New research from the CIPD examines, for the first time, the issue of talent management programmes from the perspective of the employee. The findings help organisations understand the best ways to focus talent investment and resources.
The study, entitled ‘The Talent Perspective: What Does it Feel like to be Talent Managed’, was carried out by Capgemini consulting. It consisted of a survey of 300 respondents and interviews with senior leaders of talent programmes within each organisation. Those who were not selected to participate in such programmes were also surveyed.
The vast majority felt that talent management programmes make them feel more engaged at work (81%), and the biggest reason for respondents wanting to participate in such programmes is the belief that the development activities offer help for them in the future (84%). Another point the study made, was that many people hoped being on a talent management programme would assist them in progressing within the company at a faster pace, more than half (52%) of respondents shared this aspiration.
Respondents were equally split when asked what they thought were the main objectives of such programmes.

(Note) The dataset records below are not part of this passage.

(* If $\lambda$ is a cardinal with $\lambda>\operatorname{cf}(\lambda)=\omega$, then $\mathfrak{i}_\lambda>\lambda$.
   Context: For $\mathcal{A}\subseteq[\lambda]^\lambda$, $\operatorname{comb}(\mathcal{A})$ is the set of all sets $\bigcap\Gamma-\bigcup\Delta$ with $\Gamma,\Delta\in[\mathcal{A}]^{<\omega}$, $\Gamma\cap\Delta=\varnothing$. $\mathcal{A}\subseteq[\lambda]^\lambda$ is independent iff $\operatorname{comb}(\mathcal{A})\subseteq[\lambda]^\lambda$. The independence number $\mathfrak{i}_\lambda$ is the minimal size of a maximal (under inclusion) independent family in $[\lambda]^\lambda$. *)

From Stdlib Require Import List.
Import ListNotations.

(* A cardinal lambda is represented by a type X carrying a strict well-order R
   whose order type is the initial ordinal lambda. *)

Definition injective {A B : Type} (f : A -> B) : Prop :=
  forall a1 a2, f a1 = f a2 -> a1 = a2.

Definition strict_well_order {X : Type} (R : X -> X -> Prop) : Prop :=
  (forall x, ~ R x x) /\
  (forall x y z, R x y -> R y z -> R x z) /\
  (forall x y, R x y \/ x = y \/ R y x) /\
  well_founded R.

Definition is_cardinal {X : Type} (R : X -> X -> Prop) : Prop :=
  strict_well_order R /\
  forall a : X, ~ exists f : X -> {y : X | R y a}, injective f.

Definition uncountable (X : Type) : Prop :=
  ~ exists f : X -> nat, injective f.

Definition cof_omega {X : Type} (R : X -> X -> Prop) : Prop :=
  exists s : nat -> X,
    (forall n, R (s n) (s (S n))) /\ (forall a, exists n, R a (s n)).

(* [lambda]^lambda : subsets of X of cardinality lambda *)
Definition full_size {X : Type} (S : X -> Prop) : Prop :=
  exists f : X -> {x : X | S x}, injective f.

(* the combination  /\Gamma - \/Delta  (with /\[] = X) *)
Definition comb_set {X : Type} (G D : list (X -> Prop)) : X -> Prop :=
  fun x => (forall S, In S G -> S x) /\ (forall S, In S D -> ~ S x).

Definition independent {X : Type} (A : (X -> Prop) -> Prop) : Prop :=
  (forall S, A S -> full_size S) /\
  forall G D : list (X -> Prop),
    (forall S, In S G -> A S) ->
    (forall S, In S D -> A S) ->
    (forall S, In S G -> ~ In S D) ->
    full_size (comb_set G D).

Definition maximal_independent {X : Type} (A : (X -> Prop) -> Prop) : Prop :=
  independent A /\
  forall B : (X -> Prop) -> Prop,
    independent B -> (forall S, A S -> B S) -> forall S, B S -> A S.

From Stdlib Require Import List Arith Lia Relations Wellfounded.
From Stdlib Require Import Classical ClassicalEpsilon FunctionalExtensionality ProofIrrelevance.
Import ListNotations.

(* Let (X, R) be an initial ordinal lambda and A an independent family in
   [lambda]^lambda with |A| <= lambda.  There are at most lambda "tasks"
   (Gamma, Delta) of finite disjoint subfamilies of A, and each combination
   /\Gamma - \/Delta has size lambda.  Using |lambda x lambda| = lambda we
   enumerate task x {+,-} x lambda in order type at most lambda, and by
   transfinite recursion pick pairwise distinct points g(t, b, xi) in the
   combination of t: at each stage fewer than lambda points have been used.
   The set B of all "+" points meets every combination in lambda points and
   misses lambda points of it, so A + {B} is still independent; but B is not
   in A, since then the "-" points of the combination B itself would lie in B.
   Hence no family of size <= lambda is maximal. *)

Definition inj (A B : Type) : Prop := exists f : A -> B, injective f.

Lemma inj_trans A B C : inj A B -> inj B C -> inj A C.
Proof. intros [f Hf] [g Hg]. exists (fun x => g (f x)). intros x y E. auto. Qed.

Lemma inj_prod A B A' B' : inj A A' -> inj B B' -> inj (A * B) (A' * B').
Proof.
  intros [f Hf] [g Hg]. exists (fun p => (f (fst p), g (snd p))).
  intros [x1 y1] [x2 y2] E. injection E as E1 E2.
  apply Hf in E1. apply Hg in E2. congruence.
Qed.

Lemma sig_ext {A : Type} (P : A -> Prop) (u v : {x | P x}) :
  proj1_sig u = proj1_sig v -> u = v.
Proof. destruct u, v. simpl. apply ProofIrrelevanceTheory.subset_eq_compat. Qed.

Lemma swo_nat : strict_well_order lt.
Proof. split; [|split; [|split]]; [intros; lia | intros; lia | intros; lia | exact lt_wf]. Qed.

Lemma swo_inverse_image {A B : Type} (R : B -> B -> Prop) (f : A -> B) :
  strict_well_order R -> injective f -> strict_well_order (fun x y => R (f x) (f y)).
Proof.
  intros [Hirr [Htr [Hto Hwf]]] Hf. split; [|split; [|split]].
  - intro x. apply Hirr.
  - intros x y z. apply Htr.
  - intros x y. destruct (Hto (f x) (f y)) as [H|[H|H]]; auto.
  - exact (wf_inverse_image A B R f Hwf).
Qed.

Lemma swo_sum {A B : Type} (leA : A -> A -> Prop) (leB : B -> B -> Prop) :
  strict_well_order leA -> strict_well_order leB ->
  strict_well_order (le_AsB A B leA leB).
Proof.
  intros [IA [TA [OA WA]]] [IB [TB [OB WB]]]. split; [|split; [|split]].
  - intros x H. inversion H; subst; [eapply IA | eapply IB]; eauto.
  - intros x y z H1 H2. inversion H1; subst; inversion H2; subst; constructor; eauto.
  - intros [x|x] [y|y].
    + destruct (OA x y) as [H|[H|H]]; [left|right; left|right; right]; subst; auto using le_aa.
    + left. constructor.
    + right; right. constructor.
    + destruct (OB x y) as [H|[H|H]]; [left|right; left|right; right]; subst; auto using le_bb.
  - exact (wf_disjoint_sum A B leA leB WA WB).
Qed.

Lemma swo_slexprod {A B : Type} (leA : A -> A -> Prop) (leB : B -> B -> Prop) :
  strict_well_order leA -> strict_well_order leB ->
  strict_well_order (slexprod A B leA leB).
Proof.
  intros [IA [TA [OA WA]]] [IB [TB [OB WB]]]. split; [|split; [|split]].
  - intros x H. inversion H; subst; [eapply IA | eapply IB]; eauto.
  - intros x y z H1 H2. inversion H1; subst; inversion H2; subst;
      solve [apply left_slex; eauto | apply right_slex; eauto].
  - intros [x1 x2] [y1 y2]. destruct (OA x1 y1) as [H|[<-|H]].
    + left. apply left_slex, H.
    + destruct (OB x2 y2) as [H|[<-|H]]; [left|right; left|right; right];
        auto using right_slex.
    + right; right. apply left_slex, H.
  - exact (wf_slexprod A B leA leB WA WB).
Qed.

Section InjectiveSelection.
Variables (W V : Type) (lt : W -> W -> Prop).
Hypothesis lt_swo : strict_well_order lt.

Lemma fresh_value (T : V -> Prop) p (h : forall q, lt q p -> V) :
  ~ inj {v | T v} {q | lt q p} -> exists v, T v /\ forall q H, h q H <> v.
Proof.
  intro small. apply NNPP. intro covered. apply small.
  assert (preimage : forall v : {v | T v},
             exists q : {q | lt q p}, h (proj1_sig q) (proj2_sig q) = proj1_sig v).
  { intros [v Tv]. apply NNPP. intro Hv. apply covered. exists v. split; [exact Tv|].
    intros q H E. apply Hv. exists (exist _ q H). exact E. }
  exists (fun v => proj1_sig (constructive_indefinite_description _ (preimage v))).
  intros v1 v2 E. apply sig_ext.
  destruct (constructive_indefinite_description _ (preimage v1)) as [q1 E1].
  destruct (constructive_indefinite_description _ (preimage v2)) as [q2 E2].
  simpl in E. subst q2. congruence.
Qed.

Lemma injective_selection (T : W -> V -> Prop) :
  (forall p, ~ inj {v | T p v} {q | lt q p}) ->
  exists g : W -> V, (forall p, T p (g p)) /\ injective g.
Proof.
  destruct lt_swo as [_ [_ [lt_total lt_wf]]]. intro big.
  set (F := fun p (h : forall q, lt q p -> V) =>
        proj1_sig (constructive_indefinite_description _ (fresh_value (T p) p h (big p)))).
  set (g := Fix lt_wf (fun _ => V) F).
  assert (unfold_g : forall p, g p = F p (fun q _ => g q)).
  { intro p. apply (Fix_eq lt_wf (fun _ => V) F). intros x f1 f2 Hf. f_equal.
    apply functional_extensionality_dep; intro y.
    apply functional_extensionality_dep; intro H. apply Hf. }
  assert (g_spec : forall p, T p (g p) /\ forall q, lt q p -> g q <> g p).
  { intro p. rewrite (unfold_g p). unfold F.
    destruct (constructive_indefinite_description _ _) as [v [Tv fresh]].
    split; [exact Tv|]. intros q Hq. exact (fresh q Hq). }
  exists g. split; [intro p; apply g_spec|].
  intros p q E. destruct (lt_total p q) as [H|[H|H]]; auto.
  - exfalso. exact (proj2 (g_spec q) p H E).
  - exfalso. exact (proj2 (g_spec p) q H (eq_sym E)).
Qed.

End InjectiveSelection.

Lemma nat_not_inj_finite K : ~ inj nat {k | k < K}.
Proof.
  induction K as [|K IH]; intros [f Hf].
  - destruct (f 0) as [k Hk]. lia.
  - assert (bound : forall j, proj1_sig (f j) <> K -> proj1_sig (f j) < K).
    { intros j Hj. pose proof (proj2_sig (f j)). simpl in *. lia. }
    apply IH. destruct (classic (exists i, proj1_sig (f i) = K)) as [[i Hi]|Hno].
    + set (shift := fun j => if j <? i then j else S j).
      assert (Hlt : forall j, proj1_sig (f (shift j)) < K).
      { intro j. apply bound. intro E.
        assert (E' : proj1_sig (f (shift j)) = proj1_sig (f i)) by congruence.
        apply sig_ext, Hf in E'.
        unfold shift in E'. destruct (Nat.ltb_spec j i); lia. }
      exists (fun j => exist (fun k => k < K) _ (Hlt j)). intros j1 j2 E.
      apply (f_equal (@proj1_sig _ _)) in E; simpl in E; apply sig_ext, Hf in E.
      unfold shift in E. destruct (Nat.ltb_spec j1 i), (Nat.ltb_spec j2 i); lia.
    + assert (Hlt : forall j, proj1_sig (f j) < K).
      { intro j. apply bound. intro E. apply Hno. exists j. exact E. }
      exists (fun j => exist (fun k => k < K) _ (Hlt j)). intros j1 j2 E.
      apply (f_equal (@proj1_sig _ _)) in E; simpl in E; apply sig_ext, Hf in E. exact E.
Qed.

Lemma finite_square K : inj ({k | k < K} * {k | k < K}) {k | k < K * K}.
Proof.
  assert (Hlt : forall i j, i < K -> j < K -> i * K + j < K * K) by (intros; nia).
  exists (fun p => exist (fun k => k < K * K) _ (Hlt _ _ (proj2_sig (fst p)) (proj2_sig (snd p)))).
  intros [[i1 H1] [j1 J1]] [[i2 H2] [j2 J2]] E.
  apply (f_equal (@proj1_sig _ _)) in E. simpl in E.
  assert (i1 = i2) as <- by nia. assert (j1 = j2) as <- by lia.
  f_equal; apply sig_ext; reflexivity.
Qed.

Section GoedelOrder.
Variables (W : Type) (lt : W -> W -> Prop).
Hypothesis lt_swo : strict_well_order lt.

Definition lte (x y : W) : Prop := lt x y \/ x = y.

Definition wmax (x y : W) : W := if excluded_middle_informative (lt x y) then y else x.

Lemma lte_trans x y z : lte x y -> lte y z -> lte x z.
Proof.
  destruct lt_swo as [_ [Htr _]].
  intros [H1| <-] [H2| <-]; unfold lte; eauto.
Qed.
Lemma normal_tsub_inv t sg : inert sg -> normal (tsub sg t) -> normal t.
Proof.
  revert sg; induction t as [n|C|t IH|t1 IH1 t2 IH2|t IH|t IH Y];
    intros sg Hi H; simpl in *; auto.
  - exact (IH _ (inert_lift _ Hi) H).
  - destruct H as [H1 [H2 H3]]; split; [|split; eauto].
    destruct t1; simpl in *; auto.
  - exact (IH _ (inert_tshift _ Hi) H).
  - destruct H as [H1 H2]; split; [|eauto].
    destruct t; simpl in *; auto.
Qed.

Lemma normal_tren_inv t f : normal (tren f t) -> normal t.
Proof.
  revert f; induction t as [n|C|t IH|t1 IH1 t2 IH2|t IH|t IH Y];
    intros f H; simpl in *; eauto.
  - destruct H as [H1 [H2 H3]]; split; [|split; eauto].
    destruct t1; simpl in *; auto.
  - destruct H as [H1 H2]; split; [|eauto].
    destruct t; simpl in *; auto.
Qed.

Lemma typed_cst_iff D C B : typed D (Cst C) B <-> B = C.
Proof. split; intros H; [inversion H|subst; constructor]; auto. Qed.

Lemma typed_var_iff D j B : typed D (Var j) B <-> nth_error D j = Some B.
Proof. split; intros H; [inversion H|constructor]; auto. Qed.

Lemma option_eq_of_some_iff {T : Type} (o1 o2 : option T) :
  (forall x, o1 = Some x <-> o2 = Some x) -> o1 = o2.
Proof.
  intros H; destruct o1 as [x|]; [symmetry; apply H; reflexivity|].
  destruct o2 as [y|]; [apply H; reflexivity|reflexivity].
Qed.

Half feel that they exist to help them perform better in their current job; whereas the other half believes the aim was more to prepare them for a future role.
Senior managers had similar views of the benefits of the programme, pointing to increasing their networks (78%), developing new skills (72%) and learning from a challenging experience (62%).
The levels of pride and overall happiness in their organisations, between participants and non-participants of talent management programmes, were found to have very little difference, however.
The role of Human Resources in talent management programmes was found in the study to be important, having a positive effect on how well they are run and perceived by the business.
Clair McCartney, Resourcing and Talent Planning Advisor of the CIPD, comments: “it’s encouraging to see that leadership support and sponsorship of talent initiatives was found to be strong across all the organisations. Support across divisions and between line managers, however, is inconsistent, which could compromise the effectiveness of programmes.” She feels that the role of Human Resources in communication, raising awareness and educating line managers will help address this problem.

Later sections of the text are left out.